As they did in 2006, the Cleveland Orchestra came to the Kennedy Center Concert Hall on Monday night for a concert sponsored by the Washington Performing Arts Society. After Washington, they will play a three-concert series at Carnegie Hall and then leave for an extended European tour. The Clevelanders were once arguably America’s best orchestra and were always classed among the Big Five symphonic ensembles in the country, a placement that more and more people believe Cleveland has lost. That downward trend may be reversed eventually by their ultra-talented and relatively young music director, Franz Welser-Möst.
Welser-Möst has had a rocky career, being driven out of his post with the London Philharmonic and then running into critical trouble here in the U.S. One of his staunchest defenders among music critics has been Norman Lebrecht, who must have felt vindicated this summer when Welser-Möst was appointed Music Director of the Vienna State Opera, beginning in 2010. If there were issues for Welser-Möst relating to the Cleveland musicians or administation, they appear to have been resolved, because his contract there has been extended until 2012. Whatever else one might criticize, he has helped to put the Cleveland Orchestra back on disc, with a recently released live performance of Beethoven’s Ninth Symphony.
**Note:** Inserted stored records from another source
(* Let $n\ge k\ge1$, $m\ge1$. Let $(a_j,b_j)_{j\in[m]}$ be pairs with $a_j\in\mathbb{F}_2^n\setminus\{0\}$, $b_j\in\mathbb{F}_2$, and let $\varphi_j$ be the linear form $y\mapsto\langle a_j,y\rangle$. For each $j$ independently: choose $(\gamma_{j,1},\dots,\gamma_{j,k-1})$ uniformly among $(k-1)$-tuples of linear forms such that $\gamma_{j,1},\dots,\gamma_{j,k-1},\varphi_j$ are linearly independent; choose $\beta_{j,1},\dots,\beta_{j,k-1}\in\mathbb{F}_2$ uniformly and independently; choose a uniformly random permutation and let $(\ell_{j,1},\dots,\ell_{j,k})$ be $(\gamma_{j,1},\dots,\gamma_{j,k-1},\varphi_j)$ in that order and $(\varepsilon_{j,1},\dots,\varepsilon_{j,k})$ be $(\beta_{j,1},\dots,\beta_{j,k-1},1-b_j)$ in the same order; set $V_j=\{x:\ell_{j,i}(x)=\varepsilon_{j,i}\ \forall i\in[k]\}$ and $V=(V_1,\dots,V_m)$. Then: (i) if the $a_j$ are i.i.d. uniform on $\mathbb{F}_2^n\setminus\{0\}$ and the $b_j$ are i.i.d. uniform on $\mathbb{F}_2$ independent of them, then $V\sim\mathbf{P}_{\text{unif}}$; (ii) if the $a_j$ are i.i.d. uniform on $\mathbb{F}_2^n\setminus\{0\}$ and $b_j=\langle a_j,x\rangle+e_j$ for a fixed $x\in\mathbb{F}_2^n$ and i.i.d. $e_j\sim\mathrm{Bernoulli}(\eta)$ independent of the $a_j$, with $\eta\in[0,1/2)$, then $V\sim\mathbf{P}_{x,\pi}$ with $\pi=1-2\eta$.
   Context: A $k$-flat of $\mathbb{F}_2^n$ is an affine subspace of dimension $n-k$. $q_0$ is the uniform distribution on $k$-flats; for $x\in\mathbb{F}_2^n$, $q_x$ is the uniform distribution on $k$-flats not containing $x$, and $q_{x,\pi}:=(1-\pi)q_0+\pi q_x$. $\mathbf{P}_{\text{unif}}=q_0^{\otimes m}$ and $\mathbf{P}_{x,\pi}=q_{x,\pi}^{\otimes m}$. *)

(* Finite probability spaces are represented by explicit
   weighted finite sums with weights in an arbitrary real field R. *)
From HB Require Import structures.
From mathcomp Require Import all_boot all_order all_algebra all_fingroup.
Set Implicit Arguments. Unset Strict Implicit. Unset Printing Implicit Defensive.
Import Order.TTheory GRing.Theory Num.Theory.
Local Open Scope ring_scope.

Definition dotF2 (n : nat) (u y : 'rV['F_2]_n) : 'F_2 := \sum_(i < n) u 0 i * y 0 i.

Definition is_kflat (n k : nat) (S : {set 'rV['F_2]_n}) : bool :=
  [exists x0 : 'rV['F_2]_n, exists U : 'M['F_2]_n,
     (\rank U == (n - k)%N) &&
     (S == [set x0 + u | u in [set u : 'rV['F_2]_n | (u <= U)%MS]])].

Definition kflats (n k : nat) : {set {set 'rV['F_2]_n}} := [set S | is_kflat k S].

Definition unif (R : numFieldType) (T : finType) (A : {set T}) (x : T) : R :=
  if x \in A then (#|A|%:R)^-1 else 0.

Definition bern (R : numFieldType) (eta : R) (e : 'F_2) : R :=
  if e == 1 then eta else 1 - eta.

Definition q0 (R : numFieldType) (n k : nat) (S : {set 'rV['F_2]_n}) : R :=
  @unif R _ (kflats n k) S.
Definition qx (R : numFieldType) (n k : nat) (x : 'rV['F_2]_n) (S : {set 'rV['F_2]_n}) : R :=
  @unif R _ [set T in kflats n k | x \notin T] S.
Definition qxpi (R : numFieldType) (n k : nat) (x : 'rV['F_2]_n) (pi : R)
  (S : {set 'rV['F_2]_n}) : R :=
  (1 - pi) * @q0 R n k S + pi * @qx R n k x S.

Definition P_unif (R : numFieldType) (n k m : nat) (W : {ffun 'I_m -> {set 'rV['F_2]_n}}) : R :=
  \prod_(j < m) @q0 R n k (W j).
Definition P_xpi (R : numFieldType) (n k m : nat) (x : 'rV['F_2]_n) (pi : R)
  (W : {ffun 'I_m -> {set 'rV['F_2]_n}}) : R :=
  \prod_(j < m) @qxpi R n k x pi (W j).

Definition nonzero_vecs (n : nat) : {set 'rV['F_2]_n} := [set a | a != 0].

Definition indep_ok (n k : nat) (a : 'rV['F_2]_n) (G : k.-1.-tuple 'rV['F_2]_n) : bool :=
  row_free (\matrix_(i < k, j < n) (nth 0 (rcons (tval G) a) i) 0 j).

Definition gamma_set (n k : nat) (a : 'rV['F_2]_n) : {set k.-1.-tuple 'rV['F_2]_n} :=
  [set G | @indep_ok n k a G].

Definition Vj (n k : nat) (a : 'rV['F_2]_n) (b : 'F_2) (G : k.-1.-tuple 'rV['F_2]_n)
  (beta : k.-1.-tuple 'F_2) (s : {perm 'I_k}) : {set 'rV['F_2]_n} :=
  [set y | [forall i : 'I_k,
     dotF2 (nth 0 (rcons (tval G) a) (s i)) y == nth 0 (rcons (tval beta) (1 - b)) (s i)]].

Definition law_i (R : numFieldType) (n k m : nat) (W : {ffun 'I_m -> {set 'rV['F_2]_n}}) : R :=
  \sum_(A : {ffun 'I_m -> 'rV['F_2]_n})
  \sum_(B : {ffun 'I_m -> 'F_2})
  \sum_(G : {ffun 'I_m -> k.-1.-tuple 'rV['F_2]_n})
  \sum_(Bt : {ffun 'I_m -> k.-1.-tuple 'F_2})
  \sum_(S : {ffun 'I_m -> {perm 'I_k}})
    (\prod_(j < m) (@unif R _ (nonzero_vecs n) (A j) * @unif R _ [set: 'F_2] (B j)
        * @unif R _ (@gamma_set n k (A j)) (G j) * @unif R _ [set: k.-1.-tuple 'F_2] (Bt j)
        * @unif R _ [set: {perm 'I_k}] (S j)))
    * ([forall j, @Vj n k (A j) (B j) (G j) (Bt j) (S j) == W j] : bool)%:R.

Definition law_ii (R : numFieldType) (n k m : nat) (x : 'rV['F_2]_n) (eta : R)
  (W : {ffun 'I_m -> {set 'rV['F_2]_n}}) : R :=
  \sum_(A : {ffun 'I_m -> 'rV['F_2]_n})
  \sum_(E : {ffun 'I_m -> 'F_2})
  \sum_(G : {ffun 'I_m -> k.-1.-tuple 'rV['F_2]_n})
  \sum_(Bt : {ffun 'I_m -> k.-1.-tuple 'F_2})
  \sum_(S : {ffun 'I_m -> {perm 'I_k}})
    (\prod_(j < m) (@unif R _ (nonzero_vecs n) (A j) * @bern R eta (E j)
        * @unif R _ (@gamma_set n k (A j)) (G j) * @unif R _ [set: k.-1.-tuple 'F_2] (Bt j)
        * @unif R _ [set: {perm 'I_k}] (S j)))
    * ([forall j, @Vj n k (A j) (dotF2 (A j) x + E j) (G j) (Bt j) (S j) == W j] : bool)%:R.

(* The permutation does not change V_j, so V_j is the solution set of k independent
   affine equations, and the coordinates j are independent; it suffices to find the
   law of one V_j.  The random system is equivariant under the affine group: moving
   (a, b, gamma, beta) along y |-> y P + c moves the solution flat along the same map
   and preserves the joint law.  Without noise (b = <a, x>) the last equation fails at x,
   so the law is supported on the k-flats avoiding x and invariant under the affine maps
   fixing x; these act transitively on such flats (transvections suffice), so the law is
   q_x.  A uniform b is the average of the noise values e = 0 and e = 1 for every x, which
   yields q_0 by the same argument without a fixed point; hence e = 1 gives 2 q_0 - q_x,
   and Bernoulli(eta) noise gives (1 - pi) q_0 + pi q_x with pi = 1 - 2 eta. *)

From HB Require Import structures.
From mathcomp Require Import all_boot all_order all_algebra all_fingroup.
From mathcomp Require Import ring.
Set Implicit Arguments. Unset Strict Implicit. Unset Printing Implicit Defensive.
Import Order.TTheory GRing.Theory Num.Theory.
Local Open Scope ring_scope.

Lemma pchar_F2 : (2 \in [pchar 'F_2])%N.
Proof. exact: pchar_Fp. Qed.

Lemma F2P (x : 'F_2) : x = 0 \/ x = 1.
Proof. by case: x => [[|[|//]]] i; [left|right]; apply/val_inj. Qed.

Lemma sum_F2 (V : nmodType) (f : 'F_2 -> V) : \sum_x f x = f 0 + f 1.
Proof.
rewrite (bigD1 0) // (bigD1 1) //= [X in _ + (_ + X)]big1 ?addr0 // => x /andP [x1 x0].
by case: (F2P x) => ex; rewrite ex eqxx ?andbF in x1 x0.
Qed.

Section Dot.
Variable n : nat.
Implicit Types u v y : 'rV['F_2]_n.

Lemma dotF2E u y : dotF2 u y = (u *m y^T) 0 0.
Proof. by rewrite /dotF2 mxE; apply: eq_bigr => i _; rewrite mxE. Qed.

Lemma dotF2C u y : dotF2 u y = dotF2 y u.
Proof. by rewrite /dotF2; apply: eq_bigr => i _; rewrite mulrC. Qed.

Lemma dotF2_mulmxr u v (M : 'M['F_2]_n) : dotF2 u (v *m M) = dotF2 (u *m M^T) v.
Proof. by rewrite !dotF2E trmx_mul mulmxA. Qed.

Lemma dotF2Dr u v y : dotF2 u (v + y) = dotF2 u v + dotF2 u y.
Proof. by rewrite !dotF2E linearD /= mulmxDr !mxE. Qed.

Lemma dotF2Dl u v y : dotF2 (u + v) y = dotF2 u y + dotF2 v y.
Proof. by rewrite dotF2C dotF2Dr !(dotF2C y). Qed.

Lemma dotF2Br u v y : dotF2 u (v - y) = dotF2 u v - dotF2 u y.
Proof. by rewrite !dotF2E linearB /= mulmxBr !mxE. Qed.

Lemma dotF2_delta (j : 'I_n) y : dotF2 'e_j y = y 0 j.
Proof.
rewrite /dotF2 (bigD1 j) //= big1 ?addr0 => [|l /negPf lj]; first by rewrite mxE !eqxx mul1r.
by rewrite mxE lj andbF mul0r.
Qed.

Lemma dotF2_mx11 u y : u *m y^T = (dotF2 u y)%:M :> 'M_1.
Proof. by apply/matrixP => i j; rewrite !ord1 dotF2E !mxE eqxx mulr1n. Qed.

End Dot.

Section Uniform.
Variables (R : numFieldType) (T : finType).
Implicit Types A B : {set T}.

Lemma sum_unif A : A != set0 -> \sum_x @unif R T A x = 1.
Proof.
move=> An0; rewrite /unif -big_mkcond /= sumr_const.
by rewrite -[_ *+ _]mulr_natr mulVf // pnatr_eq0 -lt0n card_gt0.
Qed.

Lemma unif_preimset A B (f : T -> T) x :
  injective f -> f @^-1: A = B -> @unif R T A (f x) = @unif R T B x.
Proof. by move=> f_inj <-; rewrite /unif card_preimset // inE. Qed.

Lemma unif_const (P : T -> R) A c :
  (forall x, P x = if x \in A then c else 0) -> \sum_x P x = 1 ->
  forall x, P x = @unif R T A x.
Proof.
move=> PE P1 x; rewrite PE /unif; case: ifP => // xA.
have cA : c * #|A|%:R = 1.
  by rewrite mulr_natr -sumr_const -P1 big_mkcond /=; apply: eq_bigr => y _; rewrite PE.
have A0 : (#|A|%:R : R) != 0 by apply: contra_eq_neq cA => ->; rewrite mulr0 eq_sym oner_neq0.
by rewrite -[c](mulfK A0) cA mul1r.
Qed.

End Uniform.

Lemma unif_F2 (R : numFieldType) (b : 'F_2) : @unif R _ [set: 'F_2] b = 2^-1.
Proof. by rewrite /unif inE cardsT card_Fp. Qed.

Lemma mulmx_pid_mxE (S : pzSemiRingType) m n r (u : 'M[S]_(m, n)) i (j : 'I_n) :
  (u *m pid_mx r) i j = u i j * ((j < r)%N)%:R.
Proof.
rewrite mxE (bigD1 j) //= big1 ?addr0 => [|l /negPf lj]; first by rewrite mxE eqxx.
rewrite mxE; case: eqP => [/val_inj jl|_]; last by rewrite mulr0.
by rewrite jl eqxx in lj.
Qed.

Lemma addmx_F2 m p (A : 'M['F_2]_(m, p)) : A + A = 0.
Proof. by apply/matrixP => i j; rewrite !mxE addrr_pchar2 // pchar_F2. Qed.

Section Flats.
Variable n : nat.
Local Notation vec := 'rV['F_2]_n.

Definition affine_image (P : 'M['F_2]_n) (c : vec) (W : {set vec}) : {set vec} :=
  [set z | (z - c) *m invmx P \in W].

Lemma affine_image_inj (P : 'M['F_2]_n) c : P \in unitmx -> injective (affine_image P c).
Proof.
move=> Pu W1 W2 eqW; apply/setP => y.
have := congr1 (fun W : {set vec} => y *m P + c \in W) eqW; rewrite !inE addrK mulmxK //.
Qed.

Definition std_flat (k : nat) : {set vec} := [set u | (u <= (pid_mx (n - k) : 'M_n))%MS].

Lemma mem_std_flat k u :
  (u \in std_flat k) = [forall j : 'I_n, (n - k <= j)%N ==> (u 0 j == 0)].
Proof.
rewrite inE; apply/idP/forallP => [/submxP [D ->] j|u0].
  rewrite -(pid_mx_id _ _ _ (leq_subr k n)) mulmxA mulmx_pid_mxE.
  by apply/implyP; rewrite leqNgt => /negPf ->; rewrite mulr0.
suff uE : u *m pid_mx (n - k) = u by rewrite -uE submxMl.
apply/rowP => j; rewrite mulmx_pid_mxE; case: ltnP => [_|le_j]; first by rewrite mulr1.
by rewrite (eqP (implyP (u0 j) le_j)) mul0r.
Qed.

Lemma kflat_affine_std k W :
  is_kflat k W -> exists2 P, P \in unitmx & exists c, W = affine_image P c (std_flat k).
Proof.
case/existsP => c /existsP [U /andP [/eqP rkU /eqP ->]].
exists (row_ebase U); first exact: row_ebase_unit.
exists c; apply/setP => z; rewrite !inE.
have full_col : row_full (col_ebase U) by rewrite row_full_unit col_ebase_unit.
have eqU := eqmxMfull (pid_mx (\rank U) *m row_ebase U) full_col.
rewrite mulmxA mulmx_ebase in eqU.
have -> : (z \in [set c + u | u in [set u | (u <= U)%MS]]) = (z - c <= U)%MS.
  apply/imsetP/idP => [[u uU ->]|zU]; first by move: uU; rewrite inE addrC addKr.
  by exists (z - c); rewrite ?inE // addrC subrK.
by rewrite eqU -{1}[z - c](mulmxKV (row_ebase_unit U)) submxMfree ?row_free_unit ?row_ebase_unit // rkU.
Qed.

Definition transvection (h d : vec) : 'M['F_2]_n := 1%:M + h^T *m d.

Section Transvection.
Variables h d : vec.
Hypothesis hd : dotF2 h d = 0.

Lemma transvection_fix e : dotF2 h e = 0 -> e *m transvection h d = e.
Proof. by move=> he; rewrite mulmxDr mulmx1 mulmxA dotF2_mx11 dotF2C he mul_scalar_mx scale0r addr0. Qed.

Lemma transvection_shift u : dotF2 h u = 1 -> u *m transvection h d = u + d.
Proof. by move=> hu; rewrite mulmxDr mulmx1 mulmxA dotF2_mx11 dotF2C hu mul1mx. Qed.

Lemma transvection_unit : transvection h d \in unitmx.
Proof.
suff /mulmx1_unit [] : transvection h d *m transvection h d = 1%:M by [].
rewrite {1}/transvection mulmxDl mul1mx -mulmxA transvection_fix // -addrA.
by rewrite addmx_F2 addr0.
Qed.

End Transvection.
Slender, aristocratic, and in formal tails, Welser-Möst led a strong performance, opening with Mozart’s Symphony No. 28 in C major, K. 200. His slightly over-fast tempo in the first movement led to some smudges in the violin section’s sixteenth notes. Overall, the strings seemed ponderous at times (perhaps there were too many of them?), making the brass and percussion sound recessed. The soft second movement showed a firm hand in control over the soft end of the dynamic spectrum, and the third movement had an aptly chosen tempo, just right for Allegretto.